Как она догадалась о Клепике?
— Я тебе сказал, а твоё дело: зарубить на носу то, что я сказал, — говорит он резко. — Я дал тебе власть, я и отниму, если будешь злоупотреблять ею. Ты хоть пробовала вырвать у них сведения?
— За кого вы меня принимаете?! — спросила дерзко. — Естественно. Но мои методы — не ваши. У меня изощрённые! Я пытаю родных.
— Что это значит? — снова удивился он.
— На глазах врага пытаю его ребёнка, или старуху-мать, или жену. Убойный метод. Все сведения мгновенно вылетают, не успеваю начать.
— А если у трудолюбца ни матери, ни жены, ни ребёнка?
— Нахожу болевые точки. Один любит поесть, его морю голодом… Кто-то марки любит, марками покупаю.
— У тебя что, сведения о каждом?
— Обязательно о каждом. Вся подноготная.
Глядя в ярко-синие холодные глаза, заражённый беспощадностью Эвелины, Будимиров неожиданно вспомнил глаза на фотографии.
Глаза…
Что «глаза»?
Девчонка Джулиана.
Гелины глаза похожи на глаза той девчонки.
Джулиану незачем выходить на площадь. Его можно доставить сюда хитростью.
— Ты свободна, — сказал он Эвелине. И чуть не бегом пустился к Геле.
Она читала. Лежала на животе. Волосы заливали её с одной стороны потоком, ослепительно рыжие.
Она вскочила при его появлении. Он взял её резко за угловатое плечо. К руке хлынула тяжесть. Причинить Геле боль… Такую, чтобы Геля под ней осела, из-под неё не вырвалась.
Но Геля, словно и не ощутила подступающей злобы, прижалась к нему, зашептала:
— Идём! Я загадала. Увидишь сразу то, что я сделала, исполнится твоё заветное желание.
Разжалась рука.
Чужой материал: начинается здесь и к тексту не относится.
(* Define $\tau,\tau^<\colon\mathbb{D}([0,\infty),\mathbb{R})\to[0,\infty]$ by $\tau(f)=\inf\{t\ge0\colon f(t)\le0\}$ and $\tau^<(f)=\inf\{t\ge0\colon f(t)<0\}$. Let $C([0,\infty),\mathbb{R})$ be the set of continuous $f\in\mathbb{D}([0,\infty),\mathbb{R})$ and $$\mathbb{D}^*([0,\infty),\mathbb{R})=\big\{f\in\mathbb{D}([0,\infty),\mathbb{R})\colon f(t)\le0\ \forall t\ge\tau(f),\ \tau^<(f)=\tau(f)<\infty\big\}.$$ If $f_n\to f$ in $\mathbb{D}([0,\infty),\mathbb{R})$ (Skorokhod topology) and $f\in C([0,\infty),\mathbb{R})\cap\mathbb{D}^*([0,\infty),\mathbb{R})$, then $\tau(f_n)\to\tau(f)$.
   Context: $\mathbb{D}([0,\infty),\mathbb{R})$ is the space of càdlàg functions $[0,\infty)\to\mathbb{R}$ with the Skorokhod ($J_1$) topology, $\inf\varnothing=\infty$. *)

From Stdlib Require Import Reals.
From Coquelicot Require Import Coquelicot.
Open Scope R_scope.

(* Paths are modelled as f : R -> R; only the values on [0,oo) matter. *)

Definition right_cont_nonneg (f : R -> R) : Prop :=
  forall t, 0 <= t -> forall eps, 0 < eps -> exists delta, 0 < delta /\
    forall s, t <= s < t + delta -> Rabs (f s - f t) < eps.

Definition left_limits (f : R -> R) : Prop :=
  forall t, 0 < t -> exists l : R, forall eps, 0 < eps -> exists delta, 0 < delta /\
    forall s, 0 <= s -> t - delta < s < t -> Rabs (f s - l) < eps.

Definition cadlag (f : R -> R) : Prop := right_cont_nonneg f /\ left_limits f.

Definition cont_nonneg (f : R -> R) : Prop :=
  forall t, 0 <= t -> forall eps, 0 < eps -> exists delta, 0 < delta /\
    forall s, 0 <= s -> Rabs (s - t) < delta -> Rabs (f s - f t) < eps.

Definition time_change (lam : R -> R) : Prop :=
  cont_nonneg lam /\
  (forall s t, 0 <= s -> s < t -> lam s < lam t) /\
  (forall t, 0 <= t -> 0 <= lam t) /\
  (forall u, 0 <= u -> exists t, 0 <= t /\ lam t = u).

(* Skorokhod J1 convergence in D([0,oo),R) (Billingsley, Thm 16.2):
   there exist lam_n in Lambda_oo with sup_t |lam_n t - t| -> 0 and
   sup_{t <= T} |f_n (lam_n t) - f t| -> 0 for every T. *)
Definition skorokhod_cvg (fs : nat -> R -> R) (f : R -> R) : Prop :=
  exists lams : nat -> R -> R,
    (forall n, time_change (lams n)) /\
    (forall eps, 0 < eps -> exists N, forall n, (N <= n)%nat ->
        forall t, 0 <= t -> Rabs (lams n t - t) <= eps) /\
    (forall T, 0 <= T -> forall eps, 0 < eps -> exists N, forall n, (N <= n)%nat ->
        forall t, 0 <= t <= T -> Rabs (fs n (lams n t) - f t) <= eps).

(* tau(f) = inf {t >= 0 | f t <= 0}, tau^<(f) = inf {t >= 0 | f t < 0}, inf of empty = +oo *)
Definition tau (f : R -> R) : Rbar := Glb_Rbar (fun t => 0 <= t /\ f t <= 0).
Definition tau_lt (f : R -> R) : Rbar := Glb_Rbar (fun t => 0 <= t /\ f t < 0).

Definition Dstar (f : R -> R) : Prop :=
  cadlag f /\
  (forall t, 0 <= t -> Rbar_le (tau f) (Finite t) -> f t <= 0) /\
  tau_lt f = tau f /\ Rbar_lt (tau f) p_infty.

Definition Rbar_seq_cvg (u : nat -> Rbar) (l : Rbar) : Prop :=
  match l with
  | Finite x => forall eps, 0 < eps -> exists N, forall n, (N <= n)%nat ->
        Rbar_lt (Finite (x - eps)) (u n) /\ Rbar_lt (u n) (Finite (x + eps))
  | p_infty => forall M : R, exists N, forall n, (N <= n)%nat -> Rbar_lt (Finite M) (u n)
  | m_infty => forall M : R, exists N, forall n, (N <= n)%nat -> Rbar_lt (u n) (Finite M)
  end.

From Stdlib Require Import Reals Lra Lia Classical.
From Coquelicot Require Import Coquelicot.
Open Scope R_scope.

(* Upper bound: [tau^<(f) = tau(f)] supplies points [t] just beyond [tau(f)]
   with [f t < 0]; uniform convergence along the time changes makes
   [f_n (lam_n t)] negative too, and [lam_n t] is close to [t].
   Lower bound: by continuity, [f] has a positive minimum [m] on [[0, S]] for
   any [S < tau(f)]; eventually [f_n o lam_n > m/2] on [[0, S]], and since
   [lam_n] is onto and close to the identity, [f_n > 0] on [[0, S - eps]]. *)

Lemma Glb_Rbar_le (E : R -> Prop) (x : R) : E x -> Rbar_le (Glb_Rbar E) x.
Proof. intros Ex. apply (proj1 (Glb_Rbar_correct E)), Ex. Qed.

Lemma Glb_Rbar_ge (E : R -> Prop) (b : R) :
  (forall x, E x -> b <= x) -> Rbar_le b (Glb_Rbar E).
Proof. intros Hb. apply (proj2 (Glb_Rbar_correct E)). exact Hb. Qed.

Lemma Glb_Rbar_lt_witness (E : R -> Prop) (x : R) :
  Rbar_lt (Glb_Rbar E) x -> exists t, E t /\ t < x.
Proof.
  intros Hlt. apply NNPP. intros Hno.
  assert (Hge : Rbar_le x (Glb_Rbar E)).
  { apply Glb_Rbar_ge. intros t Et. apply Rnot_lt_le. intros Htx. apply Hno. eauto. }
  exact (Rbar_lt_not_le _ _ Hlt Hge).
Qed.

Lemma tau_nonneg (g : R -> R) : Rbar_le 0 (tau g).
Proof. apply Glb_Rbar_ge. intros x [Hx _]. exact Hx. Qed.

Lemma tau_le (g : R -> R) (t : R) : 0 <= t -> g t <= 0 -> Rbar_le (tau g) t.
Proof. intros Ht Hg. apply Glb_Rbar_le. split; assumption. Qed.

Lemma pos_lt_tau (g : R -> R) (t : R) : 0 <= t -> Rbar_lt t (tau g) -> 0 < g t.
Proof.
  intros Ht Hlt. apply Rnot_le_lt. intros Hg.
  exact (Rbar_lt_not_le _ _ Hlt (tau_le g t Ht Hg)).
Qed.

(* [continuity_pt] at [0] asks for two-sided continuity, while [cont_nonneg]
   only controls [f] on [[0, oo)]; composing with [Rabs] bridges the gap. *)
Lemma continuity_pt_comp_Rabs (f : R -> R) (c : R) :
  cont_nonneg f -> continuity_pt (fun x => f (Rabs x)) c.
Proof.
  intros Hf eps Heps.
  destruct (Hf (Rabs c) (Rabs_pos c) eps Heps) as [d [Hd Hclose]].
  exists d. split; [exact Hd|]. intros x [_ Hx].
  apply Hclose; [apply Rabs_pos|].
  eapply Rle_lt_trans; [apply Rabs_triang_inv2|exact Hx].
Qed.

Lemma cont_nonneg_pos_lower_bound (f : R -> R) (S : R) :
  cont_nonneg f -> 0 <= S -> (forall t, 0 <= t <= S -> 0 < f t) ->
  exists m, 0 < m /\ forall t, 0 <= t <= S -> m <= f t.
Proof.
  intros Hf HS Hpos.
  destruct (continuity_ab_min (fun x => f (Rabs x)) 0 S HS
              (fun c _ => continuity_pt_comp_Rabs f c Hf)) as [mx [Hmin Hmx]].
  exists (f mx). split; [apply Hpos; exact Hmx|].
  intros t Ht. specialize (Hmin t Ht). simpl in Hmin.
  rewrite !Rabs_pos_eq in Hmin by lra. exact Hmin.
Qed.

Section Skorokhod_hitting_time.

Variables (fs : nat -> R -> R) (f : R -> R).
Hypothesis Hcvg : skorokhod_cvg fs f.

Lemma tau_eventually_lt (t eps : R) :
  0 <= t -> f t < 0 -> 0 < eps ->
  exists N, forall n, (N <= n)%nat -> Rbar_lt (tau (fs n)) (t + eps).
Proof.
  intros Ht Hft Heps. destruct Hcvg as [lams [Htc [Hlam Hunif]]].
  destruct (Hunif t Ht (- f t / 2)) as [N1 HN1]; [lra|].
  destruct (Hlam (eps / 2)) as [N2 HN2]; [lra|].
  exists (Nat.max N1 N2). intros n Hn.
  assert (Hval := HN1 n ltac:(lia) t (conj Ht (Rle_refl t))).
  assert (Htime := HN2 n ltac:(lia) t Ht).
  apply Rabs_le_between in Hval, Htime.
  destruct (Htc n) as [_ [_ [Hnonneg _]]].
  apply Rbar_le_lt_trans with (lams n t).
  - apply tau_le; [apply Hnonneg, Ht|lra].
  - simpl. lra.
Qed.

Lemma tau_eventually_ge (S eps : R) :
  cont_nonneg f -> 0 <= S -> (forall t, 0 <= t <= S -> 0 < f t) -> 0 < eps ->
  exists N, forall n, (N <= n)%nat -> Rbar_le (S - eps) (tau (fs n)).
Proof.
  intros Hf HS Hpos Heps. destruct Hcvg as [lams [Htc [Hlam Hunif]]].
  destruct (cont_nonneg_pos_lower_bound f S Hf HS Hpos) as [m [Hm Hmin]].
  destruct (Hunif S HS (m / 2)) as [N1 HN1]; [lra|].
  destruct (Hlam eps Heps) as [N2 HN2].
  exists (Nat.max N1 N2). intros n Hn.
  apply Glb_Rbar_ge. intros s [Hs Hfs].
  apply Rnot_lt_le. intros HsS.
  destruct (Htc n) as [_ [_ [_ Honto]]].
  destruct (Honto s Hs) as [t [Ht Hts]].
  assert (Htime := HN2 n ltac:(lia) t Ht). apply Rabs_le_between in Htime.
  assert (HtS : 0 <= t <= S) by lra.
  assert (Hval := HN1 n ltac:(lia) t HtS). apply Rabs_le_between in Hval.
  specialize (Hmin t HtS). rewrite Hts in Hval. lra.
Qed.

End Skorokhod_hitting_time.

Theorem lemma3p3 (fs : nat -> R -> R) (f : R -> R) :
  (forall n, cadlag (fs n)) -> cadlag f ->
  skorokhod_cvg fs f ->
  cont_nonneg f -> Dstar f ->
  Rbar_seq_cvg (fun n => tau (fs n)) (tau f).
Proof.
  intros _ _ Hcvg Hf [_ [_ [Htau_lt Hfin]]].
  pose proof (tau_nonneg f) as Htau0.
  destruct (tau f) as [T| |] eqn:ET; simpl in Hfin, Htau0; try contradiction.
  intros eps Heps.
  assert (Hup : exists N, forall n, (N <= n)%nat -> Rbar_lt (tau (fs n)) (T + eps)).
  { assert (Hlt : Rbar_lt (tau_lt f) (T + eps / 2)) by (rewrite Htau_lt; simpl; lra).
    destruct (Glb_Rbar_lt_witness _ _ Hlt) as [t [[Ht Hft] HtT]].
    destruct (tau_eventually_lt fs f Hcvg t (eps / 2) Ht Hft) as [N HN]; [lra|].
    exists N. intros n Hn. eapply Rbar_lt_le_trans; [apply HN, Hn|]. simpl. lra. }
  assert (Hlo : exists N, forall n, (N <= n)%nat -> Rbar_lt (T - eps) (tau (fs n))).
  { destruct (Rlt_or_le (T - eps / 2) 0) as [Hneg|HS].
    - exists 0%nat. intros n _.
      eapply Rbar_lt_le_trans; [|apply tau_nonneg]. simpl. lra.
    - assert (Hpos : forall t, 0 <= t <= T - eps / 2 -> 0 < f t).
      { intros t Ht. apply pos_lt_tau; [lra|]. rewrite ET. simpl. lra. }
      destruct (tau_eventually_ge fs f Hcvg (T - eps / 2) (eps / 4) Hf HS Hpos)
        as [N HN]; [lra|].
      exists N. intros n Hn. eapply Rbar_lt_le_trans; [|apply HN, Hn]. simpl. lra. }
  destruct Hup as [N1 HN1], Hlo as [N2 HN2].
  exists (Nat.max N1 N2). intros n Hn. split; [apply HN2|apply HN1]; lia.
Qed.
Недоумевая, он потащился следом.
В большом зале стал шарить глазами по стенам и полу.
Но всё было привычно. Доска с именами расстрелянных графов, клетки с птицами и зверями, цветы, ковры…
— Ну же! Ещё последнее усилие. Ищи! Я так хочу, чтобы твоё желание исполнилось.
Она не выдала, нет, чуть приподняла глаза, и он догадался: взглянул на потолок.
Потолка не было. Лица.
— Что это? — не понял он.
— Не «что». Ты!
И он увидел. Он — юноша. Он — в двадцать пять лет. Он — в тридцать. И — стихи под каждым его портретом.
— Чьи стихи?
— Молодого Клепика. Я подобрала подходящие к твоей жизни. Ты — народный заступник. — Геля стала читать стихи.
— Откуда у тебя эти портреты? — перебил он.
— О, я провела гигантскую работу! Перерыла архивы. Только твоей детской фотографии не нашла.
Он ошеломлённо смотрел на себя как на чудо. Может, это не он, граф? Не граф. Отец! Это не отец, это он сам такой!
— Прекрасный принц, — подтвердила она. — Я тебя одела в одежды принца, рыцаря, защитника, воина.
Он позабыл, зачем пришёл. Опять Геля придумала нечто необыкновенное.
— Спасибо, — сказал он растерянно. И долго, сладко любил Гелю, совсем позабыв, что несколько минут назад хотел причинить ей боль.
Лишь насытившись ею, вспомнил, зачем пришёл.
— Слушай внимательно. Тебе даётся ещё шанс отличиться. Ты должна обработать одного юнца. Ты хорошо знаешь его стихи. Я сделал на него ставку. И должен выиграть бой. — Он выложил Геле свой план, не сомневаясь в ней ни секунды: она выполнит точно всё, как ему надо. — Клепик будет силком, в который попадёт вся оппозиция. Поняла?
— Чего же тут не понять? Очень даже поняла. — И она снова припала к нему золотистым телом.